Last Friday marked 28 weeks! Picture was taken on Sunday.
It's been a very emotional few weeks. The modified bedrest/limitations on what I can do is really hard. I'm use to being on the go and doing what I want to do so not being able to do the things I'm use to or want to, is very difficult.
I usally know what my limitations are but sometimes I think I can do more and then I end up in a lot of pain and uncomfortableness.
I feel bad that I can't do more around the house, but especially that I can't do more with Matthew. There's so much I want to do with him, especially with summer almost here!
I feel bad that my husband has to take on so much more. And he does it without complaining! I just want him to have a day off where he can relax and not have to worry about doing things around the house or entertaining Matthew all day.
I've been feeling like bad mother and wife. But I know that this is only temporary. My primary job right now is to make sure baby keeps growing inside! I have to remind myself that SHE is joy that will come out of all this.
Okay, pity party over. This too shall pass.
28 weeks down, 10 more weeks to go (ideally)!
6 comments:
You look GREAT! And I know it must be frustrating to limit what you're doing, but you are right- keeping that baby healthy IS your most important job right now! This is an opportunity to be thankful for your sweet hubby and countdown the days until you get to meet your sweet baby girl! That being said though, every pregnant person needs their venting moments, so I don't blame you one bit for being discouraged by the limitations! Hang in there mama!
You look fantastic! I know you feel like a bad mom, but really as time goes on and baby girl gets here, it will feel like a blip of time that you couldn't get up and do stuff with Matthew.
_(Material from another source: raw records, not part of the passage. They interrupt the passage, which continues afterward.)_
(* Let $p\colon E\to B$ be an arc-hedgehog covering with $E$ a Peano space, and let $b_0\in B$ be a point having a countable basis of neighborhoods in $B$. Then the fiber $F=p^{-1}(b_0)$ (with the subspace topology) is a Baire space.
   Context: All maps are continuous. A Peano space is a connected, locally path-connected space. For a class $\mathcal{P}$ of spaces, $p\colon E\to B$ is a $\mathcal{P}$-covering if for every $e_0\in E$, $X\in\mathcal{P}$, $x_0\in X$ and map $f\colon X\to B$ with $f(x_0)=p(e_0)$ there is a unique map $g\colon X\to E$ with $p\circ g=f$, $g(x_0)=e_0$. A directed wedge is $(Z,z_0)=\bigvee_{s\in S}(Z_s,z_s)$, a wedge of pointed Peano spaces indexed by a directed set $S$, topologized so that $U\subset Z\setminus\{z_0\}$ is open iff each $U\cap Z_s$ is open, and $U\ni z_0$ is an open neighborhood of $z_0$ iff each $U\cap Z_s$ is open and there is $t\in S$ with $Z_s\subset U$ for all $s>t$. An arc-hedgehog is a directed wedge with each $(Z_s,z_s)\cong([0,1],0)$; an arc-hedgehog covering is a $\mathcal{P}$-covering for $\mathcal{P}$ the class of all arc-hedgehogs. *)

From HB Require Import structures.
From mathcomp Require Import all_boot all_order all_algebra.
From mathcomp Require Import all_classical all_reals.
From mathcomp Require Import topology normedtype.
From mathcomp Require Import Rstruct Rstruct_topology.
Set Implicit Arguments. Unset Strict Implicit. Unset Printing Implicit Defensive.
Import Order.TTheory GRing.Theory Num.Theory.
Local Open Scope classical_set_scope.
Local Open Scope ring_scope.

Notation RR := Rdefinitions.R.

Definition unitI : set RR := [set x | 0 <= x <= 1].

Definition path_in (T : topologicalType) (A : set T) (x y : T) :=
  exists g : RR -> T, {within unitI, continuous g} /\ g 0 = x /\ g 1 = y /\
    (forall t, unitI t -> A (g t)).

Definition path_connected (T : topologicalType) (A : set T) :=
  forall x y, A x -> A y -> path_in A x y.

Definition locally_path_connected (T : topologicalType) :=
  forall (x : T) (U : set T), nbhs x U ->
    exists V : set T, [/\ open V, V x, V `<=` U & path_connected V].

Definition peano_space (T : topologicalType) :=
  connected [set: T] /\ locally_path_connected T.

Definition directed_set (S : Type) (le : S -> S -> Prop) :=
  [/\ inhabited S, (forall s, le s s), (forall s t u, le s t -> le t u -> le s u)
    & (forall s t, exists u, le s u /\ le t u)].

Definition slt (S : Type) (le : S -> S -> Prop) (t s : S) := le t s /\ ~ le s t.

(* Carrier of the arc-hedgehog (wedge of copies Z_s = [0,1] glued at 0):
   None is the wedge point z0, Some (s, x) with 0 < x <= 1 is the point x of
   the arc Z_s. *)
Definition hhpt : Type := {x : RR | 0 < x <= 1}.
Definition hedgehog (S : Type) : Type := option (S * hhpt).

(* the point x \in [0,1] of the s-th arc (x = 0 gives the wedge point) *)
Definition hpt (S : Type) (s : S) (x : RR) : hedgehog S :=
  omap (fun y : hhpt => (s, y)) (insub x).

Definition open_in_unitI (A : set RR) :=
  exists2 O : set RR, open O & A = O `&` unitI.

Definition hh_open (S : Type) (le : S -> S -> Prop) (U : set (hedgehog S)) :=
  (forall s, open_in_unitI [set x | unitI x /\ U (hpt s x)]) /\
  (U None -> exists t : S, forall s, slt le t s ->
                forall x, unitI x -> U (hpt s x)).

Definition hh_continuous (S : Type) (le : S -> S -> Prop) (T : topologicalType)
  (f : hedgehog S -> T) :=
  forall V : set T, open V -> hh_open le (f @^-1` V).

Definition arc_hedgehog_covering (E B : topologicalType) (p : E -> B) :=
  forall (e0 : E) (S : Type) (le : S -> S -> Prop), directed_set le ->
  forall (x0 : hedgehog S) (f : hedgehog S -> B),
    hh_continuous le f -> f x0 = p e0 ->
    exists g : hedgehog S -> E,
      [/\ hh_continuous le g, p \o g = f, g x0 = e0 &
          forall g' : hedgehog S -> E,
            hh_continuous le g' -> p \o g' = f -> g' x0 = e0 -> g' = g].

Definition countable_nbhs_basis (T : topologicalType) (b : T) :=
  exists V : nat -> set T, (forall n, nbhs b (V n)) /\
    (forall W, nbhs b W -> exists n, V n `<=` W).

Definition dense_in (T : topologicalType) (F A : set T) :=
  forall O : set T, open O -> O `&` F !=set0 -> O `&` A !=set0.

(* F with the subspace topology is a Baire space: any countable family of
   relatively open (U n `&` F, U n open in T) dense subsets of F has dense
   intersection *)
Definition baire_subspace (T : topologicalType) (F : set T) :=
  forall U : nat -> set T, (forall n, open (U n)) ->
    (forall n, dense_in F (U n `&` F)) ->
    dense_in F (\bigcap_n (U n `&` F)).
And he's still little enough he won't remember and even if he was old enough, he'd understand that you aren't doing it on purpose.
Hang in there!
Hey, you have gotten this far--she's almost here...just keep doing what you can and remembering that it will be worth it.
I can't imagine how frustrating that is! You can do this, though, and soon it will be a memory!
I can feel your pain. I was just on bedrest for 5 days at the beginning of both of my pregnancies and I was so tired of just taking it easy. But in the end it's worth it. ONly 10 more weeks to go, you got this!
You can do this, and I understand just how hard it is to want to be doing things, and seeing all that you aren't doing. But you are doing the {one of the} MOST IMPORTANT job....growing that sweet little girl!